### [Material provided]
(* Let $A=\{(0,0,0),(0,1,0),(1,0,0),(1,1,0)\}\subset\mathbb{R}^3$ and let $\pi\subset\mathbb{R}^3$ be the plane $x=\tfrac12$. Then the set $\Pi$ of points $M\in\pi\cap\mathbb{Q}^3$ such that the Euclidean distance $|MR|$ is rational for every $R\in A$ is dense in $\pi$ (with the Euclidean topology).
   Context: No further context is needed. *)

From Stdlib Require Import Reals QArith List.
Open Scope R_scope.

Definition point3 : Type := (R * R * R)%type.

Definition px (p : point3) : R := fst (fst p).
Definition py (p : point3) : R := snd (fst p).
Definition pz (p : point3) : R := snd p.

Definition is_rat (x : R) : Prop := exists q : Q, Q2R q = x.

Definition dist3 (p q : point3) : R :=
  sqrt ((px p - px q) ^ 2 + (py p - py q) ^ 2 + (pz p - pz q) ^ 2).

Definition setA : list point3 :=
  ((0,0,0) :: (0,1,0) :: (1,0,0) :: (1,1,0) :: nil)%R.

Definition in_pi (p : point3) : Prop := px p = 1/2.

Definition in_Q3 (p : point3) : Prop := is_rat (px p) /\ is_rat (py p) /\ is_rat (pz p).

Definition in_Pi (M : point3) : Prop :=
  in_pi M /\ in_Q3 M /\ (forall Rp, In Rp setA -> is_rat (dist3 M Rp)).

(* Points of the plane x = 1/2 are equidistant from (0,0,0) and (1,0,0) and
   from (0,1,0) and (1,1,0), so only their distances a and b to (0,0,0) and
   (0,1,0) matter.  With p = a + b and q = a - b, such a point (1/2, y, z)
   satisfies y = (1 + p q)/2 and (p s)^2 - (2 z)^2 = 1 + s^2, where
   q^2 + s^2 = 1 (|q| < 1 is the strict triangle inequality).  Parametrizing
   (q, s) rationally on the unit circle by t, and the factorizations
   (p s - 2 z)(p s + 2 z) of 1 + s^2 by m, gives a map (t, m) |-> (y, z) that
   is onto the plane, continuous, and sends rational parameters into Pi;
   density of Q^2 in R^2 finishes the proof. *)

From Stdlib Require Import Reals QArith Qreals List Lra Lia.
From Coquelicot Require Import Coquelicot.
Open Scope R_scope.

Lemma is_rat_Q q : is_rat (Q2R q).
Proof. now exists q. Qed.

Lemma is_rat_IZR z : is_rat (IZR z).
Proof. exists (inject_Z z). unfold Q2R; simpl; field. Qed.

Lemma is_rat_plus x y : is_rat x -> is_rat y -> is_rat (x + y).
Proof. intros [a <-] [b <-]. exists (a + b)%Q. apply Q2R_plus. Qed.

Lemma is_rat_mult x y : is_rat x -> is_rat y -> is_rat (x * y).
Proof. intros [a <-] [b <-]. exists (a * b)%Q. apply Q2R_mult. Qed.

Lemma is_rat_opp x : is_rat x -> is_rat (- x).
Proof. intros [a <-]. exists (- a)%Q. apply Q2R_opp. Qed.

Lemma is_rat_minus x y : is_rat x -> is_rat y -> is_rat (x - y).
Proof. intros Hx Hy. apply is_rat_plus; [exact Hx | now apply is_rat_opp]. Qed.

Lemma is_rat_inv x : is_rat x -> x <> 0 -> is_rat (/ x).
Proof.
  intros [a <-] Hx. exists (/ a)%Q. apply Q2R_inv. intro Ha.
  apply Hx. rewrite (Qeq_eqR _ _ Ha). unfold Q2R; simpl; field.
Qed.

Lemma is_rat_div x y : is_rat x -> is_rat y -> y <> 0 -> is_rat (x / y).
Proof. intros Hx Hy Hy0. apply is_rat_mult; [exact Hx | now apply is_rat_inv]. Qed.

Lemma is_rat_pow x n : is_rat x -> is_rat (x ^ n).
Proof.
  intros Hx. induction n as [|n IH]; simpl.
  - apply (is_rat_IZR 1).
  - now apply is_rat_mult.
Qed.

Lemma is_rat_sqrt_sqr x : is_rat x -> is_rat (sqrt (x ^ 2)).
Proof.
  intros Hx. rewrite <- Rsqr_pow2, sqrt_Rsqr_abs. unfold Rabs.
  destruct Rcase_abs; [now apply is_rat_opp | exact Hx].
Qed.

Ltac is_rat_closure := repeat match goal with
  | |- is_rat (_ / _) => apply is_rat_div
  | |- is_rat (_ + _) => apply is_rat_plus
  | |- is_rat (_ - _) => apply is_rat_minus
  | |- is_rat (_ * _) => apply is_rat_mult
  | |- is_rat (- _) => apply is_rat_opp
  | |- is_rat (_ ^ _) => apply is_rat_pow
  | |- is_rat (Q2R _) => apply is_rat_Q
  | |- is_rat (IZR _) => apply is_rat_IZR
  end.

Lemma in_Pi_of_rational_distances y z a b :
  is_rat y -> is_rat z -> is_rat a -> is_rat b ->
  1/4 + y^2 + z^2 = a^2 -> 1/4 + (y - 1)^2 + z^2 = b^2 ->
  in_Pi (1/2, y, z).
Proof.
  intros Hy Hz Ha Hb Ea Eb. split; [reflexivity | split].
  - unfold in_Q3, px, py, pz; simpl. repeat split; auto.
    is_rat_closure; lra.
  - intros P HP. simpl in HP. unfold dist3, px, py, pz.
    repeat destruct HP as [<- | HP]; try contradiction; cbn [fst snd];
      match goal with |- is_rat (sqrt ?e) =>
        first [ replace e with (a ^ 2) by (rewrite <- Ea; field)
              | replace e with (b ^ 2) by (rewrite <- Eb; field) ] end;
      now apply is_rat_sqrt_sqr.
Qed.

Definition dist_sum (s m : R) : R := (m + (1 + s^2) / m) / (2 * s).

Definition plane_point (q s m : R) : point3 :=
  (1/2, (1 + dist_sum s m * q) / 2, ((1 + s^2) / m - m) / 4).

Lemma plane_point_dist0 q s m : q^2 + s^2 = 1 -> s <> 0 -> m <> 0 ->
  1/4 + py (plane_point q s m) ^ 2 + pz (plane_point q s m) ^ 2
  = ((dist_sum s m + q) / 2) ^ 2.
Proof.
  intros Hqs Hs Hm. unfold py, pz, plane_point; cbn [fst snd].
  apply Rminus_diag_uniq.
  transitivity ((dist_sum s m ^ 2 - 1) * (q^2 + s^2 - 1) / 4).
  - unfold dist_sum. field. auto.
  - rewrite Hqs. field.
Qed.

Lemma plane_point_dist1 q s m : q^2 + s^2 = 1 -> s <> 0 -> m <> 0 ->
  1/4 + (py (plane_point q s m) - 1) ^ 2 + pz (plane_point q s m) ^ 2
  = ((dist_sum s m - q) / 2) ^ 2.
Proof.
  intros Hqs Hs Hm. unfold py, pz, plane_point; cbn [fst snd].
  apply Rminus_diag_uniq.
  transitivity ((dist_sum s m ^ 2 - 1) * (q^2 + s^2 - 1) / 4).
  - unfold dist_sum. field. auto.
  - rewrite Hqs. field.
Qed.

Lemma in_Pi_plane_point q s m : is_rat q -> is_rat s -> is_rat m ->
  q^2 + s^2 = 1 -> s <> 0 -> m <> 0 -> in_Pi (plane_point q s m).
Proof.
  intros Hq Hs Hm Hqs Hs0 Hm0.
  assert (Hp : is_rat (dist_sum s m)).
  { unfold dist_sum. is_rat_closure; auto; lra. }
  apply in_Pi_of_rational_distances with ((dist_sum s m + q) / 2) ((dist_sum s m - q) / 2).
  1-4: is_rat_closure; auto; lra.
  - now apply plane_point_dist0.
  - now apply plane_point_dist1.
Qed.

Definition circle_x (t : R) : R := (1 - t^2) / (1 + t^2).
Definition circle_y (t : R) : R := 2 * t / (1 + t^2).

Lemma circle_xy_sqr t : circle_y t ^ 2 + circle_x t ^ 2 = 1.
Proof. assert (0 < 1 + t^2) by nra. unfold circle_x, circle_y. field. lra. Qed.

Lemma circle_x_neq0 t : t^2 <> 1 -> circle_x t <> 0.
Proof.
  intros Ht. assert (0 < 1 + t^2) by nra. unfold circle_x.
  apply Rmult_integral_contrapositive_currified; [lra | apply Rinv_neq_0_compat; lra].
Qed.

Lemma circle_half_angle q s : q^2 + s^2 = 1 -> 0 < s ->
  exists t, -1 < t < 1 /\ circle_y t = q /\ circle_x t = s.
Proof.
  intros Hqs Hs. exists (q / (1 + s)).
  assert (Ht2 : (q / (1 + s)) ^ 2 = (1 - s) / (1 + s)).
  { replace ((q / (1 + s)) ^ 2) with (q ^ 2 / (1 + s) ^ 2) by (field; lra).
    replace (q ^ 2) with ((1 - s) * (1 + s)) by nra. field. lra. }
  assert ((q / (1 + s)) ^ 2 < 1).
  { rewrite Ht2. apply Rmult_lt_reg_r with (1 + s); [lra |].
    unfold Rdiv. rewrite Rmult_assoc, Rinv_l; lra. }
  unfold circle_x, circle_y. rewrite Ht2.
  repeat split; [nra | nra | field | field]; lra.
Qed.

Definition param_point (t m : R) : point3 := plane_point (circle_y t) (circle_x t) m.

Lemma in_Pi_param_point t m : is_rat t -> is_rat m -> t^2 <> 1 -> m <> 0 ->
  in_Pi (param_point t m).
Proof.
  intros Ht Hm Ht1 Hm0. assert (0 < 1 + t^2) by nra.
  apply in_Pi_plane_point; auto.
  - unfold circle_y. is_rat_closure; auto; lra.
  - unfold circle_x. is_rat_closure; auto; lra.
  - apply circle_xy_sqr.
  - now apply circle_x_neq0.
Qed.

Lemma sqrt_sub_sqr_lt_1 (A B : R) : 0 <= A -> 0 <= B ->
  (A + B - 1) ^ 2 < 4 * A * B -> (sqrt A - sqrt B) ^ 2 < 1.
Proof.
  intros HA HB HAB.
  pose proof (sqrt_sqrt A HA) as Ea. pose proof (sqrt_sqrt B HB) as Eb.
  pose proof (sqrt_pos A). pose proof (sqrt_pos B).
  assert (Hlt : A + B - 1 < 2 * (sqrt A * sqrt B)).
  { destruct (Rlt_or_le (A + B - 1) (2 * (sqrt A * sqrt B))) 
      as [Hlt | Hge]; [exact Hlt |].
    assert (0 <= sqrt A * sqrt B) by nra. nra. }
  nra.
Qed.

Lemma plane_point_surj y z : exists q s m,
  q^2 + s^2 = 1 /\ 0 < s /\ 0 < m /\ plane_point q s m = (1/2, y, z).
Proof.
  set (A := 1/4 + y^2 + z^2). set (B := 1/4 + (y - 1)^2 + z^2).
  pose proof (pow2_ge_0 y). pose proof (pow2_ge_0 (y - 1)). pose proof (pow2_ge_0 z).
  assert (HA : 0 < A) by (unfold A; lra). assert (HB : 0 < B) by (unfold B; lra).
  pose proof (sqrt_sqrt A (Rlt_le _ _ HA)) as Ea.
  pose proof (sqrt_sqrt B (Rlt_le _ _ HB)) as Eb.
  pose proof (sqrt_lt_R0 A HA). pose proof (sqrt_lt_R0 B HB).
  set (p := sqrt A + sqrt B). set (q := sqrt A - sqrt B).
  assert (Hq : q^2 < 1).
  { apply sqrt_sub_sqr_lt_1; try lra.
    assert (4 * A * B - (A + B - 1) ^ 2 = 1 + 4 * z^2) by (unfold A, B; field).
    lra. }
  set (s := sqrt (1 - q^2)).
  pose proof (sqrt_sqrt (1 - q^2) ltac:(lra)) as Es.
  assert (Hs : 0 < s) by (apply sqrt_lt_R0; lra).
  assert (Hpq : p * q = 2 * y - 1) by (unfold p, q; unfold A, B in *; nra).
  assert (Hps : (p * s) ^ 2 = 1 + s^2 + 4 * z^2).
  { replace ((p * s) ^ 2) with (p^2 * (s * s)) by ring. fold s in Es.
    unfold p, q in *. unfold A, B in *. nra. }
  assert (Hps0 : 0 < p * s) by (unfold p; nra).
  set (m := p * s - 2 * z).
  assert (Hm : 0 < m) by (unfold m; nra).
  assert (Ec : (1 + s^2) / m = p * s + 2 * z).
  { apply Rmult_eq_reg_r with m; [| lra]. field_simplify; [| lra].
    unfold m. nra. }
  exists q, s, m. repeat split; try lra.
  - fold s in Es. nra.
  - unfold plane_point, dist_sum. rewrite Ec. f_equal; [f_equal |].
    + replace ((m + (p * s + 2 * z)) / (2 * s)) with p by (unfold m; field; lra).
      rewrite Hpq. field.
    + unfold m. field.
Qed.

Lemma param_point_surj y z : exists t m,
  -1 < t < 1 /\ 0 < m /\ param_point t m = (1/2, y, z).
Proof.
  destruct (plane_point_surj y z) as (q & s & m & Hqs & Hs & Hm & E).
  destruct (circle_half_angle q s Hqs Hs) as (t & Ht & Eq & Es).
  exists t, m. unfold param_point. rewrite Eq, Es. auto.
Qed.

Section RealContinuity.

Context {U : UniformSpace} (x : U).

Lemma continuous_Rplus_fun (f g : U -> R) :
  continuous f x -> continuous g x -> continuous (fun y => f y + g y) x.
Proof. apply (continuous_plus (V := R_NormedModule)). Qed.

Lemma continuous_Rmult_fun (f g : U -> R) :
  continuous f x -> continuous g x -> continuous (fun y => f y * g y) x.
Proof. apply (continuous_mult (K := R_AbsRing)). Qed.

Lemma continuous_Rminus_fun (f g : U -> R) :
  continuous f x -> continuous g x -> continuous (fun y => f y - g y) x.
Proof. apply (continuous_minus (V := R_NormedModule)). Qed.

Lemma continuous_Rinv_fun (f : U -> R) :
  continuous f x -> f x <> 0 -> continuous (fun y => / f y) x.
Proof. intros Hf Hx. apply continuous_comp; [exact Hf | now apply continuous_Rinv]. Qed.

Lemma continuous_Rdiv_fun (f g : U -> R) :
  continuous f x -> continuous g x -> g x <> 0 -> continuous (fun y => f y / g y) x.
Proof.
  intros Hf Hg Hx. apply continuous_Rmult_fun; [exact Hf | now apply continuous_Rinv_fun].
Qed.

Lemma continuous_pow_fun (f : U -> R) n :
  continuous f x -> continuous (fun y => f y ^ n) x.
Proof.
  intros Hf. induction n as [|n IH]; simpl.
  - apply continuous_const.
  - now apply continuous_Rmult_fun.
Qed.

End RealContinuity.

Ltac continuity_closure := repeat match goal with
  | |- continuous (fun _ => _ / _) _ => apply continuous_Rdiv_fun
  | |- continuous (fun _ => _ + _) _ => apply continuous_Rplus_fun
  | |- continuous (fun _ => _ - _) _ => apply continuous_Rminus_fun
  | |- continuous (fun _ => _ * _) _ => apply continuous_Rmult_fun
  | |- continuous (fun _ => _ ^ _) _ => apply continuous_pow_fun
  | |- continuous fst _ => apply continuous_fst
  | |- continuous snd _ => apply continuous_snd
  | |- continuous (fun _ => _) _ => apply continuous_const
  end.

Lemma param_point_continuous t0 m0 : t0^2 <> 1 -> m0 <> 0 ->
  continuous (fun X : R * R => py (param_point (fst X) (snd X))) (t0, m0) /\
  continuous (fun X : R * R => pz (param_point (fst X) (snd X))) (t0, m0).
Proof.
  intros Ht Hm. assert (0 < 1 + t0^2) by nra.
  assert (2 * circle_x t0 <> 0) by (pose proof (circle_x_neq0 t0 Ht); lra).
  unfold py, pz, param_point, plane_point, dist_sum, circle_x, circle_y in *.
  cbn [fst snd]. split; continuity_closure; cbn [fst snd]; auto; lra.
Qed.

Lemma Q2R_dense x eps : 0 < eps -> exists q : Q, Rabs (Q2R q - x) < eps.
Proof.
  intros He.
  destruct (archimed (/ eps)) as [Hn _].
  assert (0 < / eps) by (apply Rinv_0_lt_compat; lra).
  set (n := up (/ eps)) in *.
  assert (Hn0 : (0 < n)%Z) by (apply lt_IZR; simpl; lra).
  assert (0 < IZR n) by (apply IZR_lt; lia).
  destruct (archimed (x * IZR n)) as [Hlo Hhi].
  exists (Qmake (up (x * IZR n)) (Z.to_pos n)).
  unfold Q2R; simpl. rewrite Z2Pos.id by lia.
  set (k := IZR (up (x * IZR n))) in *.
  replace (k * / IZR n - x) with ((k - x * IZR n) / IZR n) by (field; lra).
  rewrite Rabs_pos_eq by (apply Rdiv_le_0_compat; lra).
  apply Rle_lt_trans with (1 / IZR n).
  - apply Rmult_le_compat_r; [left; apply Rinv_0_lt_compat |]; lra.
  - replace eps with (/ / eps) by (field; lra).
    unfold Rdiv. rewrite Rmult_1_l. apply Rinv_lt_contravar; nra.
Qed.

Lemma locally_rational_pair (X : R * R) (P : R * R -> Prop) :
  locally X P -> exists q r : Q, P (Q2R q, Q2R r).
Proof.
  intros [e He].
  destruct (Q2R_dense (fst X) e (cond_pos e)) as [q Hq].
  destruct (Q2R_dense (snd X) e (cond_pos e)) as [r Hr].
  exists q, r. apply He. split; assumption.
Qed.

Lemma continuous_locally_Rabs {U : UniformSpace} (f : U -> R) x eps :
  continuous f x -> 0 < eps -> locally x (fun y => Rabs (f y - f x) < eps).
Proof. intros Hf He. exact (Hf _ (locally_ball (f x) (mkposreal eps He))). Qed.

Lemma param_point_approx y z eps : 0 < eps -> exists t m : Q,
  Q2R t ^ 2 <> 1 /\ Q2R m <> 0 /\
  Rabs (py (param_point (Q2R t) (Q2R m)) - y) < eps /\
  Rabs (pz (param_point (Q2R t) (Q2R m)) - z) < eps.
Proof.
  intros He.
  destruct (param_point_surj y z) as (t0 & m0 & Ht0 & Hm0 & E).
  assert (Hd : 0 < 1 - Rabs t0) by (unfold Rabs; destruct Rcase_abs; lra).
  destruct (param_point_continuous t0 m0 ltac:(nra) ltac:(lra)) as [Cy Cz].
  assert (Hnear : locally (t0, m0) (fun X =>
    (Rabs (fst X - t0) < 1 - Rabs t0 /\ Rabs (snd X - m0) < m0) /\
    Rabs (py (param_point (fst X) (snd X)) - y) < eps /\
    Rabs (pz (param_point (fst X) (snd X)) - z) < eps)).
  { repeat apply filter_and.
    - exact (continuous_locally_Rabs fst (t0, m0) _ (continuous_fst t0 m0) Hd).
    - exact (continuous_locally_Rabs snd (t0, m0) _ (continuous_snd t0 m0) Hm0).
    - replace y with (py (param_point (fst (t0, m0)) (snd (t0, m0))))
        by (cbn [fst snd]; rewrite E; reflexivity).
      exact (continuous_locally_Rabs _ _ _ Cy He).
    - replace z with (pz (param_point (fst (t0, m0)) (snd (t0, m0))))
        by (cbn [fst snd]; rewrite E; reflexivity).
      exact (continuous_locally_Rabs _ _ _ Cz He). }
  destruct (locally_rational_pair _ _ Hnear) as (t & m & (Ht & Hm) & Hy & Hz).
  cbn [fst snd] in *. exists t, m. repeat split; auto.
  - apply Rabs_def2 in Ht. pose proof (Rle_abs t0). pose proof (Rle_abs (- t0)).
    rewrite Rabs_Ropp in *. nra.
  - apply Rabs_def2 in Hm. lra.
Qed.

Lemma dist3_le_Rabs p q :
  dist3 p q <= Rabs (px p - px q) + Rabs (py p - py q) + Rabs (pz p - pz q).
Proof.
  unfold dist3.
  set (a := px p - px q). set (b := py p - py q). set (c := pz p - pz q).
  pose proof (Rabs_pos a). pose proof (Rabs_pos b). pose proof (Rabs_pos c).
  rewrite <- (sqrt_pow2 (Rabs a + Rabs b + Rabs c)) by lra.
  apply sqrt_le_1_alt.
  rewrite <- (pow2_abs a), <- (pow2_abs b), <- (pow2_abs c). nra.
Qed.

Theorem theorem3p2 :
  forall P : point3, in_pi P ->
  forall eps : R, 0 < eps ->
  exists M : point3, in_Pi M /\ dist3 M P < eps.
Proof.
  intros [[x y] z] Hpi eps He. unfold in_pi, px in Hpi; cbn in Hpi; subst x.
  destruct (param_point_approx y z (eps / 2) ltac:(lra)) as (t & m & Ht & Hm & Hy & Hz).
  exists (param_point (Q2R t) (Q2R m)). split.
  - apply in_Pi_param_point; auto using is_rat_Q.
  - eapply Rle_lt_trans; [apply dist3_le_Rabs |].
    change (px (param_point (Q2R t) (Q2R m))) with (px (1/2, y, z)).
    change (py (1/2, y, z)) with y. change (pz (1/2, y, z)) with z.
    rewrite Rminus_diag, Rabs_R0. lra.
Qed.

### [Exercise instructions]
Each line of the data above that contains "Prop" counts once; report the total alone.

### [Reply]
5